### WHAT IS REQUIRED
Return, exactly and in full, the lines of the records below starting at the one with "Lemma galpha_continuity_pt (a" and ending at the one with "- assert (Hpos : 0 < a < 1) by lra.", and no other lines.

(Stored data entries)

•••••

Lemma galpha_0_l (y : R) :
  galpha 0 y = if Rle_dec y (1/2) then y else (1 - y) ^ 3 / y ^ 2.
Proof. unfold galpha; destruct (Req_EM_T 0 0); [reflexivity | lra]. Qed.

Lemma galpha_0_r (a : R) : galpha a 0 = 0.
Proof.
  unfold galpha; destruct (Req_EM_T a 0); [destruct (Rle_dec 0 (1/2)); lra |].
  destruct (Req_EM_T 0 0); lra.
Qed.

Lemma galpha_disc_pos (a y : R) : 0 < a <= 1 -> 0 < 1 - 4 * (1 - a) * y * (1 - y).
Proof.
  intros Ha.
  replace (1 - 4 * (1 - a) * y * (1 - y)) with ((1 - a) * ((2 * y - 1) * (2 * y - 1)) + a) by ring.
  pose proof (Rle_0_sqr (2 * y - 1)); unfold Rsqr in *; nra.
Qed.

(* Rationalising [1 - sqrt (1 - t) = t / (1 + sqrt (1 - t))] removes the
   apparent singularity at [y = 0]. *)
Lemma galpha_pos_closed (a y : R) : 0 < a < 1 ->
  galpha a y = 8 * (1 - a) * y * (1 - y) ^ 3
               / (1 + sqrt (1 - 4 * (1 - a) * y * (1 - y))) ^ 3.
Proof.
  intros Ha; unfold galpha.
  destruct (Req_EM_T a 0) as [|_]; [lra |].
  set (s := sqrt (1 - 4 * (1 - a) * y * (1 - y))).
  assert (Hs0 : 0 <= s) by apply sqrt_pos.
  assert (Hs2 : s * s = 1 - 4 * (1 - a) * y * (1 - y))
    by (apply sqrt_sqrt; pose proof (galpha_disc_pos a y); lra).
  destruct (Req_EM_T y 0) as [-> | Hy]; [field; lra |].
  replace (1 - s) with (4 * (1 - a) * y * (1 - y) / (1 + s)) by (field_simplify_eq; lra).
  field; repeat split; lra.
Qed.

Lemma galpha_continuity_pt (a x : R) : 0 <= a < 1 -> continuity_pt (galpha a) x.
Proof.
  intros Ha; destruct (Req_dec a 0) as [-> | Ha0].
  - apply (continuity_pt_ext (fun y => if Rle_dec y (1/2) then y else (1 - y) ^ 3 / y ^ 2)).
    { intro; now rewrite galpha_0_l. }
    apply continuity_pt_glue; [| | field].
    + intros _; apply continuity_pt_of_ex_derive; auto_derive; trivial.
    + intros Hx; apply continuity_pt_of_ex_derive; auto_derive; nra.
  - assert (Hpos : 0 < a < 1) by lra.
    apply (continuity_pt_ext (fun y => 8 * (1 - a) * y * (1 - y) ^ 3
               / (1 + sqrt (1 - 4 * (1 - a) * y * (1 - y))) ^ 3)).
    { intro; now rewrite galpha_pos_closed. }
    pose proof (galpha_disc_pos a x ltac:(lra)).
    apply continuity_pt_of_ex_derive; auto_derive.
    split; [lra |]; split; [| trivial].
    match goal with |- (1 + sqrt ?d) * _ <> 0 => pose proof (sqrt_pos d) end.
    apply Rgt_not_eq; repeat apply Rmult_lt_0_compat; lra.
Qed.

(* At [0], [psi] is the difference quotient of [exp] at [0], with [psi 0 = exp' 0]. *)
Lemma psi_continuity_pt (x : R) : continuity_pt psi x.
Proof.
  destruct (Req_dec x 0) as [-> | Hx].
  - intros eps Heps; destruct (derivable_pt_lim_exp 0 eps Heps) as [d Hd].
    exists d; split; [apply cond_pos |].
    intros y [[_ Hy0] Hy]; simpl in *; unfold R_dist in Hy; rewrite Rminus_0_r in Hy.
    unfold psi; destruct (Req_EM_T y 0) as [| _]; [congruence |].
    destruct (Req_EM_T 0 0) as [_ |]; [| lra].
    specialize (Hd (- y) ltac:(lra) ltac:(now rewrite Rabs_Ropp)).
    rewrite Rplus_0_l, exp_0 in Hd.
    replace ((1 - exp (- y)) / y) with ((exp (- y) - 1) / - y) by (field; auto).
    exact Hd.
  - apply (continuity_pt_locally_ext (fun y => (1 - exp (- y)) / y) _ (Rabs x)).
    + now apply Rabs_pos_lt.
    + intros y Hy; unfold psi; destruct (Req_EM_T y 0) as [-> |]; [| reflexivity].
      unfold Rdist in Hy; rewrite Rminus_0_l, Rabs_Ropp in Hy; lra.
    + apply continuity_pt_of_ex_derive; auto_derive; trivial.
Qed.

Lemma psi_gt0 (y : R) : 0 < psi y.
Proof.
  unfold psi; destruct (Req_EM_T y 0) as [| Hy]; [lra |].
  destruct (Rlt_or_le 0 y) as [Hpos | Hneg].
  - assert (exp (- y) < 1) by (rewrite <- exp_0; apply exp_increasing; lra).
    apply Rdiv_lt_0_compat; lra.
  - assert (1 < exp (- y)) by (rewrite <- exp_0; apply exp_increasing; lra).
    replace ((1 - exp (- y)) / y) with ((exp (- y) - 1) / - y) by (field; auto).
    apply Rdiv_lt_0_compat; lra.
Qed.

Definition axis_map (b2 a2 x : R) : R := galpha a2 (1 - exp (- (b2 * x))).

Lemma hmap_axis (b1 b2 a1 a2 x : R) :
  hmap b1 b2 a1 a2 (0, x) = (0, axis_map b2 a2 x).
Proof.
  unfold hmap, fmap, Ssum, axis_map; simpl.
  rewrite Rmult_0_r, Rplus_0_l.
  destruct (Req_EM_T (b2 * x) 0) as [Hz | Hz].
  - now rewrite Hz, Ropp_0, exp_0, Rminus_eq_0, !galpha_0_r.
  - rewrite Rmult_0_r, Rdiv_0_l, galpha_0_r; f_equal; f_equal.
    field; split; intros ->; apply Hz; ring.
Qed.

Lemma hiter_axis (b1 b2 a1 a2 x : R) (j : nat) :
  hiter b1 b2 a1 a2 j (0, x) = (0, Nat.iter j (axis_map b2 a2) x).
Proof. induction j as [| j IH]; simpl; [reflexivity |]; now rewrite IH, hmap_axis. Qed.

Lemma prodR_gt0 (w : nat -> R) (n : nat) : (forall j, 0 < w j) -> 0 < prodR w n.
Proof.
  intros Hw; induction n as [| n IH]; simpl; [lra |].
  now apply Rmult_lt_0_compat.
Qed.

Lemma prodR_scale (c : R) (w : nat -> R) (n : nat) :
  prodR (fun j => c * w j) n = c ^ n * prodR w n.
Proof. induction n as [| n IH]; simpl; [ring |]; rewrite IH; ring. Qed.

Lemma continuity_pt_prodR (F : nat -> R -> R) (n : nat) (x : R) :
  (forall j, continuity_pt (F j) x) ->
  continuity_pt (fun y => prodR (fun j => F j y) n) x.
Proof.
  intros HF; induction n as [| n IH]; simpl.
  - now apply continuity_pt_const.
  - exact (continuity_pt_mult _ _ x IH (HF n)).
Qed.

Lemma Rpower_inv_INR_pow (A : R) (n : nat) :
  0 < A -> (1 <= n)%nat -> Rpower A (1 / INR n) ^ n = A.
Proof.
  intros HA Hn; rewrite <- Rpower_pow by apply exp_pos.
  rewrite Rpower_mult; replace (1 / INR n * INR n) with 1; [now apply Rpower_1 |].
  field; apply not_0_INR; lia.
Qed.

Lemma prodR_scale_unbounded (phi c M : R) (w : nat -> R) :
  0 < phi -> 1 < phi * c -> (forall j, 0 < w j) ->
  (exists N, forall n, (N <= n)%nat -> c < Rpower (prodR w n) (1 / INR n)) ->
  exists n, M < prodR (fun j => phi * w j) n.
Proof.
  intros Hphi Hc Hw [N HN].
  destruct (Pow_x_infinity (phi * c) ltac:(rewrite Rabs_right; lra) (M + 1)) as [N' HN'].
  exists (N + N' + 1)%nat; set (n := (N + N' + 1)%nat).
  assert (Hgrow : M + 1 <= (phi * c) ^ n).
  { specialize (HN' n ltac:(unfold n; lia)).
    rewrite Rabs_right in HN' by (apply Rle_ge, pow_le; lra); lra. }
  assert (Hroot : (phi * c) ^ n <= (phi * Rpower (prodR w n) (1 / INR n)) ^ n).
  { apply pow_incr; split; [lra |].
    apply Rmult_le_compat_l; [lra |]; left; apply HN; unfold n; lia. }
  rewrite (Rpow_mult_distr phi (Rpower _ _)), Rpower_inv_INR_pow in Hroot
    by first [now apply prodR_gt0 | unfold n; lia].
  rewrite prodR_scale; lra.
Qed.

Lemma eventually_gt_of_liminf_lb (u : nat -> R) (s c : R) :
  (forall n, 0 <= u n) -> (forall y, is_liminf u y -> s <= y) -> c < s ->
  exists N, forall n, (N <= n)%nat -> c < u n.
Proof.
  intros Hu Hs Hcs; destruct (ex_LimInf_seq u) as [[r | |] Hl].
  - assert (Hr : is_liminf u r).
    { split.
      - intros eps Heps; destruct (Hl (mkposreal eps Heps)) as [_ [N HN]].
        exists N; intros n Hn; exact (HN n Hn).
      - intros eps Heps; exact (proj1 (Hl (mkposreal eps Heps))). }
    assert (Hcr : 0 < r - c) by (specialize (Hs r Hr); lra).
    destruct (Hl (mkposreal _ Hcr)) as [_ [N HN]].
    exists N; intros n Hn; specialize (HN n Hn); simpl in HN; lra.
  - exact (Hl c).
  - destruct (Hl 0 O) as [n [_ Hn]]; specialize (Hu n); lra.
Qed.

Lemma segment_cluster_point (a b : R) (u : nat -> R) :
  (forall n, a <= u n <= b) ->
  exists l, a <= l <= b /\
    forall d, 0 < d -> forall N, exists p, (N <= p)%nat /\ Rabs (u p - l) < d.
Proof.
  intros Hu; destruct (Bolzano_Weierstrass u _ (compact_P3 a b) Hu) as [l Hl].
  assert (Hnear : forall d, 0 < d -> forall N, exists p, (N <= p)%nat /\ Rabs (u p - l) < d).
  { intros d Hd N; apply (Hl (disc l (mkposreal d Hd)) N).
    now exists (mkposreal d Hd). }
  exists l; split; [| exact Hnear].
  split; apply Rnot_lt_le; intros Hout.
  - destruct (Hnear (a - l) ltac:(lra) O) as [p [_ Hp]].
    apply Rabs_def2 in Hp; specialize (Hu p); lra.
  - destruct (Hnear (l - b) ltac:(lra) O) as [p [_ Hp]].
    apply Rabs_def2 in Hp; specialize (Hu p); lra.
Qed.

Lemma uniform_index_on_segment (a b M : R) (F : nat -> R -> R) :
  (forall k x, a <= x <= b -> continuity_pt (F k) x) ->
  (forall x, a <= x <= b -> exists k, M < F k x) ->
  exists K, forall x, a <= x <= b -> exists k, (k <= K)%nat /\ M < F k x.
Proof.
  intros Hcont Hpt; apply NNPP; intros Hno.
  assert (Hbad : forall n, exists x, a <= x <= b /\ forall k, (k <= n)%nat -> F k x <= M).
  { intros n; apply NNPP; intros Hn; apply Hno; exists n; intros x Hx.
    apply NNPP; intros Hk; apply Hn; exists x; split; [exact Hx |].
    intros k Hkn; apply Rnot_lt_le; intros HM; apply Hk; now exists k. }
  destruct (choice _ Hbad) as [u Hu].
  destruct (segment_cluster_point a b u (fun n => proj1 (Hu n))) as [l [Hl Hnear]].
  destruct (Hpt l Hl) as [k Hk].
  destruct (Hcont k l Hl (F k l - M) ltac:(lra)) as [d [Hd Hball]].
  destruct (Hnear d Hd k) as [p [Hkp Hp]].
  destruct (Req_dec (u p) l) as [Heq | Hne].
  - specialize (proj2 (Hu p) k Hkp); rewrite Heq; lra.
  - specialize (Hball (u p) (conj (conj I (not_eq_sym Hne)) Hp)); simpl in Hball.
    unfold R_dist in Hball; apply Rabs_def2 in Hball.
    specialize (proj2 (Hu p) k Hkp); lra.
Qed.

•••••

### EXERCISE RESPONSE
Lemma galpha_continuity_pt (a x : R) : 0 <= a < 1 -> continuity_pt (galpha a) x.
Proof.
  intros Ha; destruct (Req_dec a 0) as [-> | Ha0].
  - apply (continuity_pt_ext (fun y => if Rle_dec y (1/2) then y else (1 - y) ^ 3 / y ^ 2)).
    { intro; now rewrite galpha_0_l. }
    apply continuity_pt_glue; [| | field].
    + intros _; apply continuity_pt_of_ex_derive; auto_derive; trivial.
    + intros Hx; apply continuity_pt_of_ex_derive; auto_derive; nra.
  - assert (Hpos : 0 < a < 1) by lra.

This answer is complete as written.